Start at the line in the entries below that contains "- eapply Rle_trans; [apply Rmin_l | nra].", stop at the line that contains "intros hv. pose", and output exactly the lines in that span, both ends included.

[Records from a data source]

####################

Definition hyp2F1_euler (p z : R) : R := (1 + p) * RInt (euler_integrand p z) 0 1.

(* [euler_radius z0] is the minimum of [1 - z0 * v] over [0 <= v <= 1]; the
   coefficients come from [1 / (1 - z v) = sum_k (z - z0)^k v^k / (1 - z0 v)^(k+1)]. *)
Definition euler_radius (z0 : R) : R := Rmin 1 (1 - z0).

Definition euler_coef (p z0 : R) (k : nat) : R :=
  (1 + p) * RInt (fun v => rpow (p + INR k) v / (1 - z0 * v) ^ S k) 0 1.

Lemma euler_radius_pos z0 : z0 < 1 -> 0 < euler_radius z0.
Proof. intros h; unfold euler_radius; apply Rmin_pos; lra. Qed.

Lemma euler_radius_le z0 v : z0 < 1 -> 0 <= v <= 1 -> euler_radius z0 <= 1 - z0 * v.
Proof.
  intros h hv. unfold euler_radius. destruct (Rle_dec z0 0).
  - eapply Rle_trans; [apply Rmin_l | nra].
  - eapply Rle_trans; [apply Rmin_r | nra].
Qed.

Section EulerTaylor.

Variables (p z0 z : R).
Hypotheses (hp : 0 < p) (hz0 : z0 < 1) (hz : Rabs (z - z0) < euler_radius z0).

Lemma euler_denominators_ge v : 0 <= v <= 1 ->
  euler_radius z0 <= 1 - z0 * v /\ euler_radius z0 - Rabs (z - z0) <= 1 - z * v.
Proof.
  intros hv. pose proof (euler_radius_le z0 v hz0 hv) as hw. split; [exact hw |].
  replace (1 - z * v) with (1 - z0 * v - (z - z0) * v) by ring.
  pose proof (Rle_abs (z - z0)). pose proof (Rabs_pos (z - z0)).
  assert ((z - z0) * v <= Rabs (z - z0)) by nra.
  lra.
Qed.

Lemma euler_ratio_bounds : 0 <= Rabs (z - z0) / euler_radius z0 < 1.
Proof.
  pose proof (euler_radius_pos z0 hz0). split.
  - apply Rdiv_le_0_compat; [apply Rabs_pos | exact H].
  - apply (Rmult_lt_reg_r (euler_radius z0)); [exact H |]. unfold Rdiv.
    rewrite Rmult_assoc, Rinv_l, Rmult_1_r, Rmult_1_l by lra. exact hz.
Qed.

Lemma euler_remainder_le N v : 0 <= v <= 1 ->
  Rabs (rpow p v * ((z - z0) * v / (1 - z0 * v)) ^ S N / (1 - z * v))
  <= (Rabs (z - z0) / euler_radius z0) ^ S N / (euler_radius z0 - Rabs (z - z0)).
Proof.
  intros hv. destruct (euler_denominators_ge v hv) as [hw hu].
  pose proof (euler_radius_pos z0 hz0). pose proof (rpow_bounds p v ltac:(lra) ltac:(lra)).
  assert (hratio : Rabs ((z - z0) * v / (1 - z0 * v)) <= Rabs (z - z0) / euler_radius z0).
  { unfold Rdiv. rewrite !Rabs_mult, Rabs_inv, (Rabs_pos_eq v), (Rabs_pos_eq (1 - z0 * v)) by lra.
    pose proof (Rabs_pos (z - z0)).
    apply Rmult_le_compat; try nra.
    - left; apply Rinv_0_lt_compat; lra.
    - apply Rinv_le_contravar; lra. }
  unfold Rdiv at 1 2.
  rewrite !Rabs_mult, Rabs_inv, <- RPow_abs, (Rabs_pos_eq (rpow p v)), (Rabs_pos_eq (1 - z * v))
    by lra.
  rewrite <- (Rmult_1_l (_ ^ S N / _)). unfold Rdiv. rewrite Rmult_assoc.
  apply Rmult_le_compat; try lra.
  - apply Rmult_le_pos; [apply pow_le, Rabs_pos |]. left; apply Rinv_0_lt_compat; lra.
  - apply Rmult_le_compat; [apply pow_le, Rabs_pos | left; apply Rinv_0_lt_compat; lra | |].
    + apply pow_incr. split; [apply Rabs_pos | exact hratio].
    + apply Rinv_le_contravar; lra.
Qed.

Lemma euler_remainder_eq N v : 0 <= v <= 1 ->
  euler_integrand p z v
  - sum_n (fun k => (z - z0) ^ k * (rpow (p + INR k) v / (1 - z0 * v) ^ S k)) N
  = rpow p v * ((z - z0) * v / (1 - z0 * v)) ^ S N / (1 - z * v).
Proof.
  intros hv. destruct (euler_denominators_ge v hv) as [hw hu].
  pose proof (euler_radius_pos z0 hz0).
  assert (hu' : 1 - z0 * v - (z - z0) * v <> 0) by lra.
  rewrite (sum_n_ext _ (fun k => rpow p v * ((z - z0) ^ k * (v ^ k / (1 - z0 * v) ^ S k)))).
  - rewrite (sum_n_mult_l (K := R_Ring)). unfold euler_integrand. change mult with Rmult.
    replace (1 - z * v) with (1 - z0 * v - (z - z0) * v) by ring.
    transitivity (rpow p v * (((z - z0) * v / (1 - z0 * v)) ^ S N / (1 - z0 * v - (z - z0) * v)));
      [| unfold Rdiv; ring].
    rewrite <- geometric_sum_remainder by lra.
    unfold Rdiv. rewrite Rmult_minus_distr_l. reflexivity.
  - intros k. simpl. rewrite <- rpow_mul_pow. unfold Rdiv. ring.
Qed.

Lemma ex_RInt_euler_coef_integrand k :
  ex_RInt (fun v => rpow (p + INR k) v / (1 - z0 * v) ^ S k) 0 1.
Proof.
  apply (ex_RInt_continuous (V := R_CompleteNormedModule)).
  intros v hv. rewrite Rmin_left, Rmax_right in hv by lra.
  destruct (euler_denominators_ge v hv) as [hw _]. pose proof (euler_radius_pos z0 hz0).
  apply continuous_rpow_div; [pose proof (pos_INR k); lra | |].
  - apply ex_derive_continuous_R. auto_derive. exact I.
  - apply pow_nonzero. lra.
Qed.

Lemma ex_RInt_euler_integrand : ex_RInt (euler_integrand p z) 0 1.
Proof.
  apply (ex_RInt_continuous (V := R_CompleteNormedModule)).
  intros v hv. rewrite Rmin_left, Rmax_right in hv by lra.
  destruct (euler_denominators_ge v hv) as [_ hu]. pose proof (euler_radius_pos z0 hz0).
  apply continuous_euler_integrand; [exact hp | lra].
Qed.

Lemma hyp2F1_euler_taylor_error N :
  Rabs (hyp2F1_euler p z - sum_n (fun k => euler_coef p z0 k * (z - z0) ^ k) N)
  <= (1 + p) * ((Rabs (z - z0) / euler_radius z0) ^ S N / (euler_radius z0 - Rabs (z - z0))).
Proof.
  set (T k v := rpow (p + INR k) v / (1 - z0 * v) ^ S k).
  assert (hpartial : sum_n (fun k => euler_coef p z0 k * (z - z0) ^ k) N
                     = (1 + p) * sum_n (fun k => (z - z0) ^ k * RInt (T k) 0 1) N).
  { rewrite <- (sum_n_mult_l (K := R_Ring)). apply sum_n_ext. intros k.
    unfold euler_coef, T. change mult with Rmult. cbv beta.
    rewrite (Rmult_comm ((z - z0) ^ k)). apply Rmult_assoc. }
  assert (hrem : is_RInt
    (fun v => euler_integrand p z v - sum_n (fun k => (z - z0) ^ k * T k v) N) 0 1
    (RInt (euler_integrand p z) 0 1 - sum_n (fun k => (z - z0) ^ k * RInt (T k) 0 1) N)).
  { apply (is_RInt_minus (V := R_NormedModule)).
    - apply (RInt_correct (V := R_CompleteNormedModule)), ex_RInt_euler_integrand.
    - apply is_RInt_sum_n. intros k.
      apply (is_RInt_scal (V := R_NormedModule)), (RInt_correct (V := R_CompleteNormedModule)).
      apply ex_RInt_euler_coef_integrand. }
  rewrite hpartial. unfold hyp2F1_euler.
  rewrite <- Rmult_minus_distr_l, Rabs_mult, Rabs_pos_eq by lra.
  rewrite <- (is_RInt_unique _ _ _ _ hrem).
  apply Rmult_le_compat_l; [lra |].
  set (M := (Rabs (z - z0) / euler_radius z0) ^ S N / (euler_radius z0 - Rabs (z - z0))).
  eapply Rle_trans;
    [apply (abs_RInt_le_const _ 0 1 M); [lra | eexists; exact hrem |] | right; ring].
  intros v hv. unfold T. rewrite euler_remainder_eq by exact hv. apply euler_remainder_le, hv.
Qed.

####################

Written solution ->
  - eapply Rle_trans; [apply Rmin_l | nra].
  - eapply Rle_trans; [apply Rmin_r | nra].
Qed.

Section EulerTaylor.

Variables (p z0 z : R).
Hypotheses (hp : 0 < p) (hz0 : z0 < 1) (hz : Rabs (z - z0) < euler_radius z0).

Lemma euler_denominators_ge v : 0 <= v <= 1 ->
  euler_radius z0 <= 1 - z0 * v /\ euler_radius z0 - Rabs (z - z0) <= 1 - z * v.
Proof.
  intros hv. pose proof (euler_radius_le z0 v hz0 hv) as hw. split; [exact hw |].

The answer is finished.